→ **Task requirements**
In the entries that follow, find the line containing "integralOver (intr : int -> R) x.", then output exactly every line from the first through that one.
** Opening Available data block **
(* Let $N\ge 2$ and $b_1,\dots,b_N\in\{0,1\}$ with $b_N=1$ and $\sum_{j=1}^N b_j 2^{N-j}>1$. Let $s_b$ be the largest real root of $P_b(x)=x^N-\sum_{j=1}^N b_jx^{N-j}$. Then $s_b$ is an algebraic integer of degree greater than $1$. *)

From HB Require Import structures.
From mathcomp Require Import all_boot all_order all_algebra.
From mathcomp Require Import all_classical all_reals.
Set Implicit Arguments. Unset Strict Implicit. Unset Printing Implicit Defensive.
Import Order.TTheory GRing.Theory Num.Theory.
Local Open Scope ring_scope.

(* b : nat -> bool, only b 1, ..., b N matter (b_j = 1 iff b j = true). *)
Definition Pb (R : nzRingType) (N : nat) (b : nat -> bool) : {poly R} :=
  'X^N - \sum_(1 <= j < N.+1) (b j)%:R *: 'X^(N - j).

Definition algebraic_integer (R : nzRingType) (x : R) : Prop :=
  integralOver (intr : int -> R) x.

(* The degree of x (degree of its minimal polynomial over Q) is > 1:
   no nonzero rational polynomial of degree <= 1 vanishes at x. *)
Definition alg_degree_gt1 (R : fieldType) (x : R) : Prop :=
  forall q : {poly rat}, q != 0 -> root (map_poly (ratr : rat -> R) q) x -> (2 < size q)%N.

From HB Require Import structures.
From mathcomp Require Import all_boot all_order all_algebra.
From mathcomp Require Import all_classical all_reals.
From mathcomp Require Import all_field zify lra.
Set Implicit Arguments. Unset Strict Implicit. Unset Printing Implicit Defensive.
Import Order.TTheory GRing.Theory Num.Theory.
Local Open Scope ring_scope.

(* [P_b] is monic with integer coefficients, so [s_b] is an algebraic integer.
   Since [b_N = 1] and the binary number [b_1...b_N] exceeds 1, at least two
   [b_j] equal 1, hence [P_b(1) < 0]; and [P_b(x) > 0] for [x >= 2] because
   [x^N > 1 + x + ... + x^(N-1)].  So the largest root lies in (1, 2).  A
   rational root of a monic integer polynomial is an integer, and there is no
   integer in (1, 2), so [s_b] is irrational: its degree is not 1. *)

Lemma map_Pb (A B : nzRingType) (f : {rmorphism A -> B}) N b :
  map_poly f (Pb A N b) = Pb B N b.
Proof.
rewrite /Pb rmorphB /= map_polyXn rmorph_sum /=; congr (_ - _).
by apply: eq_bigr => j _; rewrite map_polyZ map_polyXn rmorph_nat.
Qed.

Lemma Pb_monic (A : nzRingType) N b : (0 < N)%N -> Pb A N b \is monic.
Proof.
move=> N_gt0; apply/monicP; rewrite /Pb lead_coefDl ?lead_coefXn //.
rewrite size_polyN size_polyXn ltnS big_nat_cond.
apply: (big_ind (fun p : {poly A} => size p <= N)%N).
- by rewrite size_poly0.
- by move=> p q hp hq; rewrite (leq_trans (size_polyD _ _)) // geq_max hp hq.
- move=> j /andP[/andP[j_gt0 _] _]; rewrite (leq_trans (size_scale_leq _ _)) //.
  by rewrite size_polyXn; lia.
Qed.

Lemma horner_Pb (A : comNzRingType) N b (x : A) :
  (Pb A N b).[x] = x ^+ N - \sum_(1 <= j < N.+1) (b j)%:R * x ^+ (N - j).
Proof.
rewrite /Pb hornerD hornerN horner_sum hornerXn; congr (_ - _).
by apply: eq_bigr => j _; rewrite hornerZ hornerXn.
Qed.

Lemma Pb_int_algebraic_integer (A : nzRingType) N b (x : A) :
  (0 < N)%N -> root (Pb A N b) x -> algebraic_integer x.
Proof. by move=> N_gt0 rx; exists (Pb int N b); rewrite ?Pb_monic ?map_Pb. Qed.

Lemma sum_expr_le_exprB1 (R : realDomainType) (x : R) n :
  2 <= x -> \sum_(k < n) x ^+ k <= x ^+ n - 1.
Proof.
move=> x_ge2; rewrite subrX1 ler_peMl //; last lra.
by rewrite sumr_ge0 // => k _; rewrite exprn_ge0 //; lra.
Qed.

Lemma Pb_gt0 (R : realDomainType) N b (x : R) : 2 <= x -> 0 < (Pb R N b).[x].
Proof.
move=> x_ge2; rewrite horner_Pb subr_gt0.
apply: (le_lt_trans (y := \sum_(1 <= j < N.+1) x ^+ (N - j))).
  apply: ler_sum => j _; case: (b j); rewrite ?mul1r ?mul0r ?exprn_ge0 //; lra.
have -> : \sum_(1 <= j < N.+1) x ^+ (N - j) = \sum_(k < N) x ^+ k.
  rewrite big_add1 /= big_mkord (reindex_inj rev_ord_inj) /=.
  by apply: eq_bigr => k _; rewrite subnS subKn.
by have := sum_expr_le_exprB1 N x_ge2; lra.
Qed.

Lemma horner_Pb1 (R : comNzRingType) N b :
  (Pb R N b).[1] = 1 - (\sum_(1 <= j < N.+1) (b j : nat))%:R.
Proof.
rewrite horner_Pb expr1n natr_sum; congr (_ - _).
by apply: eq_bigr => j _; rewrite expr1n mulr1.
Qed.

Lemma two_digits_of_binary N (b : nat -> bool) :
  (0 < N)%N -> b N -> (1 < \sum_(1 <= j < N.+1) b j * 2 ^ (N - j))%N ->
  (2 <= \sum_(1 <= j < N.+1) (b j : nat))%N.
Proof.
move=> N_gt0 bN; rewrite !big_nat_recr //= bN subnn mul1n => high_gt0.
suff : (0 < \sum_(1 <= j < N) (b j : nat))%N by lia.
rewrite -(ltn_pmul2l (expn_gt0 2 N)) muln0 big_distrr /=.
apply: leq_trans (_ : 0 < \sum_(1 <= j < N) b j * 2 ^ (N - j))%N _; first lia.
apply: leq_sum => j _; case: (b j); rewrite ?mul0n ?muln0 // mul1n muln1.
by rewrite leq_pexp2l // leq_subr.
Qed.

Lemma max_root_Pb_in_1_2 (R : rcfType) N (b : nat -> bool) (s : R) :
  (2 <= \sum_(1 <= j < N.+1) (b j : nat))%N ->
  root (Pb R N b) s -> (forall r, root (Pb R N b) r -> r <= s) ->
  1 < s < 2.
Proof.
move=> two_digits rs s_max.
have P1_lt0 : (Pb R N b).[1] < 0.
  by rewrite horner_Pb1 subr_lt0 ltr1n.
have P2_gt0 : 0 < (Pb R N b).[2] := Pb_gt0 N b (lexx 2).
have [x /andP[x_ge1 _] rx] : exists2 x, 1 <= x <= 2 & root (Pb R N b) x.
  by apply: poly_ivt; rewrite ?ler1n ?(ltW P1_lt0) ?(ltW P2_gt0).
have x_neq1 : x != 1 by apply: contraTneq rx => ->; rewrite /root lt_eqF.
apply/andP; split.
  by apply: lt_le_trans (s_max x rx); rewrite lt_neqAle eq_sym x_neq1.
by rewrite ltNge; apply: contraTN rs => /(Pb_gt0 N b) /gt_eqF; rewrite /root => ->.
Qed.

Lemma rat_root_monic_int (p : {poly int}) (r : rat) :
  p \is monic -> root (map_poly intr p) r -> r \is a Num.int.
Proof.
move=> p_monic rr; have rC : root (map_poly intr p) (ratr r : algC).
  move: rr; rewrite -(fmorph_root (ratr : {rmorphism rat -> algC})) -map_poly_comp.
  by rewrite (eq_map_poly (fun z => ratr_int _ z)).
have : (ratr r : algC) \is a Num.int.
  apply: Cint_rat_Aint (Crat_rat r) (root_monic_Aint rC _ _).
    by rewrite monicE lead_coef_map_eq ?(monicP p_monic) ?oner_eq0.
  by apply/polyOverP => i; rewrite coef_map rpred_int.
case/intrP => m rm; apply/intrP; exists m.
by apply: (fmorph_inj (ratr : {rmorphism rat -> algC})); rewrite rmorph_int.
Qed.

Lemma root_size2_rat (R : numFieldType) (q : {poly rat}) (x : R) :
  q != 0 -> (size q <= 2)%N -> root (map_poly ratr q) x ->
  exists r : rat, x = ratr r.
Proof.
move=> q_neq0 q_size2 rx; have [q_size1|q_size_gt1] := leqP (size q) 1.
  move: rx q_neq0; rewrite (size1_polyC q_size1) map_polyC rootC fmorph_eq0.
  by move/eqP ->; rewrite eqxx.
have q_size : size q = 2%N by lia.
have q1_neq0 : q`_1 != 0 by rewrite -[1%N]/(2.-1) -q_size -lead_coefE lead_coef_eq0.
exists (- q`_0 / q`_1); apply/eqP; move: rx.
rewrite /root horner_coef size_map_poly q_size !big_ord_recr big_ord0 /= add0r.
rewrite !coef_map /= expr0 expr1 mulr1 fmorph_div rmorphN /= addr_eq0.
by move/eqP ->; rewrite opprK mulrC mulKf ?fmorph_eq0.
Qed.

Lemma no_int_in_1_2 (r : rat) : r \is a Num.int -> ~~ (1 < r < 2).
Proof. by case/intrP => m ->; rewrite -[1]/(1%:~R) -[2]/(2%:~R) !ltr_int; lia. Qed.

Theorem mainTheorem5 (R : realType) (N : nat) (b : nat -> bool) (s : R) :
  (2 <= N)%N ->
  b N = true ->
  (1 < \sum_(1 <= j < N.+1) b j * 2 ^ (N - j))%N ->
  root (Pb R N b) s ->
  (forall r : R, root (Pb R N b) r -> r <= s) ->
  algebraic_integer s /\ alg_degree_gt1 s.
Proof.
move=> N_ge2 bN binary_gt1 rs s_max; have N_gt0 : (0 < N)%N by lia.
split; first exact: Pb_int_algebraic_integer rs.
have s_in_1_2 := max_root_Pb_in_1_2 (two_digits_of_binary N_gt0 bN binary_gt1) rs s_max.
move=> q q_neq0 rq; rewrite ltnNge; apply/negP => q_size2.
have [r s_eq] := root_size2_rat q_neq0 q_size2 rq.
have r_int : r \is a Num.int.
  apply: rat_root_monic_int (Pb_monic _ b N_gt0) _.
  by rewrite map_Pb -(fmorph_root (ratr : {rmorphism rat -> R})) map_Pb /= -s_eq.
move: (no_int_in_1_2 r_int).
by rewrite -!(ltr_rat R) rmorph1 ratr_nat -s_eq s_in_1_2.
Qed.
** Closing Available data block **
→ **Output for this task**
(* Let $N\ge 2$ and $b_1,\dots,b_N\in\{0,1\}$ with $b_N=1$ and $\sum_{j=1}^N b_j 2^{N-j}>1$. Let $s_b$ be the largest real root of $P_b(x)=x^N-\sum_{j=1}^N b_jx^{N-j}$. Then $s_b$ is an algebraic integer of degree greater than $1$. *)

From HB Require Import structures.
From mathcomp Require Import all_boot all_order all_algebra.
From mathcomp Require Import all_classical all_reals.
Set Implicit Arguments. Unset Strict Implicit. Unset Printing Implicit Defensive.
Import Order.TTheory GRing.Theory Num.Theory.
Local Open Scope ring_scope.

(* b : nat -> bool, only b 1, ..., b N matter (b_j = 1 iff b j = true). *)
Definition Pb (R : nzRingType) (N : nat) (b : nat -> bool) : {poly R} :=
  'X^N - \sum_(1 <= j < N.+1) (b j)%:R *: 'X^(N - j).

Definition algebraic_integer (R : nzRingType) (x : R) : Prop :=
  integralOver (intr : int -> R) x.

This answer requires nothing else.